They prove they care.

Three is, can this sell out in the wild when no one else is around?

Can this product sell on a shelf or on a website when that CEO, that founder, that sales rep isn't there?

Can it still sell?

And fourth is, can they back it up?

The things that they told me, oh, I'm already in all the Whole Foods.

Are you really?

And then I go get my accountant, my advisor, my lawyer, my CEO to rip it apart.

I called up the four horsemen to go actually find out, can they back up what they said?

And so, when people are approaching me, those are the four core things: who is the person?

Does anybody care?

Can it sell by itself?

And what they said, can they validate it?

So, Ty,

why should people invest into themselves?

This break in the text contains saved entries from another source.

(* Let $A\in\mathbb{R}^{n\times n}$ be symmetric positive definite, $M_0\in\mathbb{R}^{n\times n}$, and let $(M_i,R_i,G_i,P_i)$ be the NCG sequence defined in the context (assumed not to break down). Then for $i=1,2,\dots$, $$M_i\in M_0+\mathcal{K}_i(A^2,G_0)\quad\text{and}\quad R_i=I_n-AM_i\perp\mathcal{K}_i(A^2,G_0),$$ where $\mathcal{K}_i(A^2,G_0)=\mathrm{span}\{G_0,A^2G_0,\dots,A^{2(i-1)}G_0\}$ and $G_0=-AR_0$. Moreover, the search directions $P_0,\dots,P_{i-1}$ form an $A$-orthogonal basis (i.e. $(P_j,AP_k)_F=0$ for $j\neq k$) of this Krylov subspace, and $$\mathrm{span}\{P_0,\dots,P_{i-1}\}=\mathrm{span}\{G_0,\dots,G_{i-1}\}=\mathcal{K}_i(A^2,G_0).$$
   Context: The Frobenius inner product on $\mathbb{R}^{n\times n}$ is $(X,Y)_F=\operatorname{tr}(X^TY)$; orthogonality $\perp$ is with respect to it. The NCG method: given $M_0$, set $R_i:=I_n-AM_i$ and $G_i:=-AR_i$, $P_0:=-G_0$. For $i\ge1$, $P_i$ is the element of $-G_i+\mathrm{span}\{P_{i-1}\}$ with $(P_i,AP_{i-1})_F=0$. For $i\ge0$, $M_{i+1}$ is the element of $M_i+\mathrm{span}\{P_i\}$ such that $(I_n-AM_{i+1},P_i)_F=0$. It is assumed that the iteration does not break down ($R_i\neq0$, $P_i\neq0$ for all indices considered), so that the iterates are uniquely determined. *)

From HB Require Import structures.
From mathcomp Require Import all_boot all_order all_algebra.
Set Implicit Arguments. Unset Strict Implicit. Unset Printing Implicit Defensive.
Import Order.TTheory GRing.Theory Num.Theory.
Local Open Scope ring_scope.

Section NCG.
Variables (R : realFieldType) (n : nat).

Definition frob (X Y : 'M[R]_n) : R := \tr (X^T *m Y).

Definition spd (A : 'M[R]_n) : Prop :=
  A^T = A /\ forall x : 'cV[R]_n, x != 0 -> 0 < (x^T *m A *m x) 0 0.

Definition resid (A M : 'M[R]_n) : 'M[R]_n := 1%:M - A *m M.
Definition grad (A M : 'M[R]_n) : 'M[R]_n := - (A *m resid A M).

Definition is_NCG (A : 'M[R]_n) (M P : nat -> 'M[R]_n) : Prop :=
  [/\ P 0%N = - grad A (M 0%N),
      (forall i, exists beta : R,
          P i.+1 = - grad A (M i.+1) + beta *: P i
          /\ frob (P i.+1) (A *m P i) = 0)
    & (forall i, exists alpha : R,
          M i.+1 = M i + alpha *: P i
          /\ frob (resid A (M i.+1)) (P i) = 0)].

Definition krylov (i : nat) (B G : 'M[R]_n) : {vspace 'M[R]_n} :=
  <<[seq B ^+ k *m G | k <- iota 0 i]>>%VS.

End NCG.

From HB Require Import structures.
From mathcomp Require Import all_boot all_order all_algebra.
Import Order.TTheory GRing.Theory Num.Theory.
Local Open Scope ring_scope.

(* Since G_k = G_0 + A^2 (M_k - M_0), an induction on the recurrences puts
   M_k - M_0 in K_k and P_k in K_(k+1).  The residual update
   R_(k+1) = R_k - alpha A P_k and the A-orthogonality of P_0, ..., P_k keep
   R_(k+1) orthogonal to P_0, ..., P_k, hence to their span K_(k+1).  As
   (P_(k+1), A P_j) = (R_(k+1), A^2 P_j) + beta (P_k, A P_j) with A^2 P_j in
   K_(k+1) for j < k, this in turn makes P_(k+1) A-orthogonal to all earlier
   directions.  Positive definiteness turns nonzero A-orthogonal directions
   into a free family, and a dimension count gives span P = K. *)

Set Implicit Arguments.
Unset Strict Implicit.
Unset Printing Implicit Defensive.

Section SpanUpto.
Variables (K : fieldType) (vT : vectType K).
Implicit Types (f : nat -> vT) (U : {vspace vT}).

Definition span_upto f k : {vspace vT} := <<[seq f j | j <- iota 0 k]>>%VS.

Lemma memv_span_upto f k j : (j < k)%N -> (f j \in span_upto f k)%VS.
Proof. by move=> ltjk; apply/memv_span/map_f; rewrite mem_iota. Qed.

Lemma span_uptoP f k U :
  reflect (forall j, (j < k)%N -> (f j \in U)%VS) (span_upto f k <= U)%VS.
Proof.
apply: (iffP span_subvP) => [sfU j ltjk | fU _ /mapP[j + ->]].
  by apply/sfU/map_f; rewrite mem_iota.
by rewrite mem_iota add0n => /andP[_]; apply: fU.
Qed.

Lemma span_upto_mono f k k' :
  (k <= k')%N -> (span_upto f k <= span_upto f k')%VS.
Proof.
by move=> lekk'; apply/span_uptoP => j ltjk; apply: memv_span_upto (leq_trans ltjk _).
Qed.

Lemma dim_span_upto f k : (\dim (span_upto f k) <= k)%N.
Proof. by have := dim_span [seq f j | j <- iota 0 k]; rewrite size_map size_iota. Qed.

End SpanUpto.

Section Frobenius.
Variables (R : realFieldType) (n : nat).
Implicit Types (A X Y Z : 'M[R]_n).

Lemma frobC X Y : frob X Y = frob Y X.
Proof. by rewrite /frob -mxtrace_tr trmx_mul trmxK. Qed.

Lemma frobDl X Y Z : frob (X + Y) Z = frob X Z + frob Y Z.
Proof. by rewrite /frob linearD mulmxDl mxtraceD. Qed.

Lemma frobNl X Y : frob (- X) Y = - frob X Y.
Proof. by rewrite /frob linearN mulNmx raddfN. Qed.

Lemma frobBl X Y Z : frob (X - Y) Z = frob X Z - frob Y Z.
Proof. by rewrite frobDl frobNl. Qed.

Lemma frobZl a X Y : frob (a *: X) Y = a * frob X Y.
Proof. by rewrite /frob linearZ -scalemxAl mxtraceZ. Qed.

Lemma frob_sumr X m (c : 'I_m -> R) (F : 'I_m -> 'M[R]_n) :
  frob X (\sum_i c i *: F i) = \sum_i c i * frob X (F i).
Proof.
rewrite /frob mulmx_sumr raddf_sum; apply: eq_bigr => i _.
by rewrite -scalemxAr; apply: mxtraceZ.
Qed.

Lemma frob_span_upto_eq0 Y (f : nat -> 'M[R]_n) k X :
  (forall j, (j < k)%N -> frob Y (f j) = 0) -> (X \in span_upto f k)%VS ->
  frob Y X = 0.
Proof.
move=> Yf0 /(@coord_span _ _ _ (in_tuple _)) ->; rewrite frob_sumr big1 // => i _.
have ltik : (i < k)%N by rewrite (leq_trans (ltn_ord i)) // size_map size_iota.
by rewrite (nth_map 0%N) ?size_iota // nth_iota // Yf0 ?mulr0.
Qed.

Lemma frob_sym_mulmxl A X Y : A^T = A -> frob (A *m X) Y = frob X (A *m Y).
Proof. by move=> symA; rewrite /frob trmx_mul symA mulmxA. Qed.

Lemma frob_sym_mulmxC A X Y : A^T = A -> frob X (A *m Y) = frob Y (A *m X).
Proof. by move=> symA; rewrite frobC frob_sym_mulmxl. Qed.

Lemma spd_frob_gt0 A X : spd A -> X != 0 -> 0 < frob X (A *m X).
Proof.
move=> [_ posA] nzX.
have frob_col i : (X^T *m (A *m X)) i i = ((col i X)^T *m A *m col i X) 0 0.
  rewrite mulmxA !mxE; apply: eq_bigr => j _; rewrite !mxE.
  by congr (_ * _); apply: eq_bigr => k _; rewrite !mxE.
have quad_ge0 (x : 'cV[R]_n) : 0 <= (x^T *m A *m x) 0 0.
  by have [->|/posA/ltW//] := eqVneq x 0; rewrite mulmx0 mxE.
have [i nzXi] : exists i, col i X != 0.
  apply/existsP; apply: contraR nzX => /existsPn allX0.
  by apply/eqP/matrixP => a b; have /negPn/eqP/matrixP/(_ a 0) := allX0 b; rewrite !mxE.
rewrite /frob /mxtrace (bigD1 i) //= frob_col ltr_pwDl ?posA //.
by apply: sumr_ge0 => j _; rewrite frob_col.
Qed.

Definition A_orthogonal A (f : nat -> 'M[R]_n) k :=
  forall j l, (j < k)%N -> (l < k)%N -> j != l -> frob (f j) (A *m f l) = 0.

Lemma A_orthogonal_free A (f : nat -> 'M[R]_n) k :
  spd A -> (forall j, (j < k)%N -> f j != 0) -> A_orthogonal A f k ->
  free [seq f j | j <- iota 0 k].
Proof.
move=> spdA nzf oAf; set s := [seq f j | j <- iota 0 k].
have size_s : size s = k by rewrite size_map size_iota.
have nth_s l : (l < k)%N -> s`_l = f l.
  by move=> ltlk; rewrite (nth_map 0%N) ?size_iota // nth_iota.
apply/(@freeP _ _ _ (in_tuple s)) => c sum_c0 i.
have ltik : (i < k)%N by rewrite -size_s ltn_ord.
have : frob s`_i (A *m \sum_j c j *: s`_j) = 0.
  by rewrite sum_c0 mulmx0 /frob mulmx0 mxtrace0.
rewrite mulmx_sumr; under eq_bigr do rewrite -scalemxAr.
rewrite frob_sumr (bigD1 i) //= big1 ?addr0 => [|j neji]; last first.
  by rewrite !nth_s ?oAf ?mulr0 // 1?eq_sym // -size_s ltn_ord.
move/eqP; rewrite mulf_eq0 nth_s // => /orP[/eqP // | /eqP fAf0].
by have := spd_frob_gt0 spdA (nzf _ ltik); rewrite fAf0 ltxx.
Qed.

End Frobenius.

Section Krylov.
Variables (R : realFieldType) (n : nat) (B G : 'M[R]_n).

Lemma krylov_mono k k' : (k <= k')%N -> (krylov k B G <= krylov k' B G)%VS.
Proof. exact: span_upto_mono. Qed.

Lemma memv_krylov_seed k : (G \in krylov k.+1 B G)%VS.
Proof.
by have := @memv_span_upto _ _ (fun j => B ^+ j *m G) k.+1 0 isT; rewrite mul1mx.
Qed.

Lemma memv_krylov_mulmx k X :
  (X \in krylov k B G)%VS -> (B *m X \in krylov k.+1 B G)%VS.
Proof.
move=> /(memv_img (linfun (mulmx B))); rewrite lfunE limg_span.
apply/subvP/span_subvP => _ /mapP[_ /mapP[j ltjk ->] ->].
rewrite lfunE /=.
have -> : B *m (B ^+ j *m G) = B ^+ j.+1 *m G by rewrite mulmxA exprS mulmxE.
apply: (@memv_span_upto _ _ (fun j => B ^+ j *m G)); by move: ltjk; rewrite mem_iota.
Qed.

End Krylov.

Lemma grad_shift (R : realFieldType) (n : nat) (A M M' : 'M[R]_n) :
  grad A M' = grad A M + (A *m A) *m (M' - M).
Proof.
rewrite /grad /resid !mulmxBr !mulmx1 !mulmxA !opprB.
by rewrite [RHS]addrC addrA subrK.
Qed.

Lemma resid_step (R : realFieldType) (n : nat) (A M P : 'M[R]_n) a :
  resid A (M + a *: P) = resid A M - a *: (A *m P).
Proof. by rewrite /resid mulmxDr -scalemxAr opprD addrA. Qed.

Section NCG.
Variables (R : realFieldType) (n : nat) (A : 'M[R]_n) (M P : nat -> 'M[R]_n).
Hypothesis spdA : spd A.
Hypothesis ncg : is_NCG A M P.

Local Notation G j := (grad A (M j)).
Local Notation K k := (krylov k (A *m A) (G 0%N)).

Definition resid_orth k := forall j, (j < k)%N -> frob (resid A (M k)) (P j) = 0.

Lemma NCG_krylov k : (M k - M 0%N \in K k)%VS /\ (P k \in K k.+1)%VS.
Proof.
have [P0 dirS iterS] := ncg.
elim: k => [|k [MK PK]].
  by rewrite subrr mem0v P0 memvN memv_krylov_seed.
have MK' : (M k.+1 - M 0%N \in K k.+1)%VS.
  have [a [-> _]] := iterS k.
  by rewrite addrAC memvD ?memvZ // (subvP (krylov_mono _ _ (leqnSn k))).
split=> //; have [b [-> _]] := dirS k.
rewrite memvD ?memvZ ?(subvP (krylov_mono _ _ (leqnSn k.+1)) _ PK) //.
by rewrite memvN (grad_shift _ (M 0%N)) memvD ?memv_krylov_seed ?memv_krylov_mulmx.
Qed.

Lemma dir_span_grads k : (P k \in span_upto (fun j => G j) k.+1)%VS.
Proof.
have [P0 dirS _] := ncg.
elim: k => [|k IHk]; first by rewrite P0 memvN (@memv_span_upto _ _ (fun j => G j)).
have [b [-> _]] := dirS k.
apply: memvD; first by rewrite memvN (@memv_span_upto _ _ (fun j => G j)).
exact/memvZ/(subvP (span_upto_mono _ (leqnSn k.+1))).
Qed.

Lemma grad_span_dirs k : (G k \in span_upto P k.+1)%VS.
Proof.
have [P0 dirS _] := ncg.
case: k => [|k]; first by rewrite -[G 0%N]opprK -P0 memvN memv_span_upto.
have [b [defP _]] := dirS k.
have -> : G k.+1 = b *: P k - P k.+1 by rewrite defP opprD opprK addrC subrK.
by rewrite memvB ?memvZ ?memv_span_upto.
Qed.

Lemma span_grads_dirs k : span_upto (fun j => G j) k = span_upto P k.
Proof.
apply/eqP; rewrite eqEsubv; apply/andP; split; apply/span_uptoP => j ltjk.
  exact: subvP (span_upto_mono P ltjk) _ (grad_span_dirs j).
exact: subvP (span_upto_mono (fun j => G j) ltjk) _ (dir_span_grads j).
Qed.

Lemma span_dirs_krylov k : (forall j, (j < k)%N -> P j != 0) ->
  A_orthogonal A P k -> span_upto P k = K k.
Proof.
move=> nzP oAP; apply/eqP; rewrite eqEdim; apply/andP; split.
  apply/span_uptoP => j ltjk.
  by apply: (subvP (krylov_mono _ _ ltjk)); have [] := NCG_krylov j.
by have /eqnP -> := A_orthogonal_free spdA nzP oAP; rewrite size_map size_iota dim_span_upto.
Qed.

Lemma resid_orth_step k :
  resid_orth k -> A_orthogonal A P k.+1 -> resid_orth k.+1.
Proof.
move=> oR oAP j; have [_ _ iterS] := ncg; have [a [defM oRP]] := iterS k.
rewrite ltnS leq_eqVlt => /predU1P[-> // | ltjk].
rewrite defM resid_step frobBl frobZl frob_sym_mulmxl ?spdA.1 //.
by rewrite oR // oAP ?mulr0 ?subrr ?(gtn_eqF ltjk) // ltnS ltnW.
Qed.

Lemma A_orthogonal_step k : (forall j, (j < k.+1)%N -> P j != 0) ->
  A_orthogonal A P k.+1 -> resid_orth k.+1 -> A_orthogonal A P k.+2.
Proof.
move=> nzP oAP oR; have [_ dirS _] := ncg; have [b [defP oPP]] := dirS k.
have oR_K X : (X \in K k.+1)%VS -> frob (resid A (M k.+1)) X = 0.
  by rewrite -span_dirs_krylov //; apply: frob_span_upto_eq0.
have oPnew j : (j <= k)%N -> frob (P k.+1) (A *m P j) = 0.
  rewrite leq_eqVlt => /predU1P[-> // | ltjk].
  rewrite defP frobDl frobZl /grad !frobNl opprK frob_sym_mulmxl ?spdA.1 // mulmxA.
  rewrite oAP ?(gtn_eqF ltjk) ?mulr0 ?addr0 ?ltnS ?(ltnW ltjk) //.
  have AAPj : (A *m A *m P j \in K j.+2)%VS.
    by apply: memv_krylov_mulmx; have [] := NCG_krylov j.
  exact/oR_K/(subvP (krylov_mono _ _ (ltjk : (j.+2 <= k.+1)%N)) _ AAPj).
move=> j l; rewrite ltnS leq_eqVlt => /predU1P[-> | ltj].
  rewrite ltnS leq_eqVlt => /predU1P[-> | ltl]; first by rewrite eqxx.
  by move=> _; apply: oPnew.
rewrite ltnS leq_eqVlt => /predU1P[-> _ | ltl]; last exact: oAP.
by rewrite frob_sym_mulmxC ?spdA.1 //; apply: oPnew.
Qed.

Lemma NCG_orthogonality k : (forall j, (j < k)%N -> P j != 0) ->
  resid_orth k /\ A_orthogonal A P k.+1.
Proof.
elim: k => [_ | k IHk nzP].
  by split=> // j l; rewrite !ltnS !leqn0 => /eqP-> /eqP->; rewrite eqxx.
have [oR oAP] := IHk (fun j ltjk => nzP j (ltnW ltjk)).
have oR' := resid_orth_step oR oAP.
by split; last exact: A_orthogonal_step nzP oAP oR'.
Qed.

End NCG.

Theorem proposition2 (R : realFieldType) (n : nat) (A : 'M[R]_n)
    (M P : nat -> 'M[R]_n) :
  spd A -> is_NCG A M P ->
  forall i : nat, (0 < i)%N ->
  (* no breakdown at the indices considered *)
  (forall j : nat, (j < i)%N -> resid A (M j) != 0 /\ P j != 0) ->
  let K := krylov i (A *m A) (grad A (M 0%N)) in
  [/\ (M i - M 0%N \in K)%VS,
      (forall X : 'M[R]_n, (X \in K)%VS -> frob (resid A (M i)) X = 0),
      (forall j k : nat, (j < i)%N -> (k < i)%N -> j != k ->
          frob (P j) (A *m P k) = 0),
      basis_of K [seq P j | j <- iota 0 i]
    & (<<[seq P j | j <- iota 0 i]>>%VS = K
       /\ <<[seq grad A (M j) | j <- iota 0 i]>>%VS = K)].
Proof.
move=> spdA ncg i _ nobreak K.
have nzP j : (j < i)%N -> P j != 0 by case/nobreak.
have [oR oAP] := NCG_orthogonality spdA ncg nzP.
have oAPi : A_orthogonal A P i.
  by move=> j k ltji ltki; apply: oAP; rewrite ltnS ltnW.
have spanP : span_upto P i = K := span_dirs_krylov spdA ncg nzP oAPi.
split=> //.
- by have [] := NCG_krylov ncg i.
- by move=> X; rewrite -spanP; apply: frob_span_upto_eq0.
- by rewrite /basis_of -/(span_upto P i) spanP eqxx (A_orthogonal_free spdA nzP).
- by rewrite -/(span_upto P i) -/(span_upto (fun j => grad A (M j)) i) (span_grads_dirs ncg).
Qed.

Why should they be buying books?

Why should they be buying courses?

Why should they be joining masterminds?

Talk about investing into themselves.

Yeah, I think I tell people: whatever money you make at minimum, if you play small ball, you should invest 10% of it back into mentors.

So, if you you make 10 million this year it sounds crazy you should spend a million on

mentors conferences traveling there bringing sharp people onto your advisory board it's just a good ratio take 10 of your profits as nothing i've done more i've done 20 in a year you know i i had one time i had a cpa i used to live across the street he called me he's like ty He's like, I can't handle this anymore.

He's like, you're spending like $250,000 a month on coaches, mentors, conferences.

He's like, this is crazy.

And I go,

but I've made the most money of my life this year.

I'm like, so I think there's some kind of karmic thing where you stay humble

and use ratios.

Don't you, the big mistake people make.

Is that my water, by the way?

Ah, there's mine.

I think there's something karmic about being humble.

I meet, it's funny.

I I meet some of my former students and I kind of rip them a new,

a new one.

I'm like,

let me get this straight.

You were broke.

You bought my course for a thousand bucks and it made you a millionaire.

And I was like,

did you come back to me and buy my more advanced course?

No, no, no.

I'm like, well, that's why you plateaued for the last five years, dude.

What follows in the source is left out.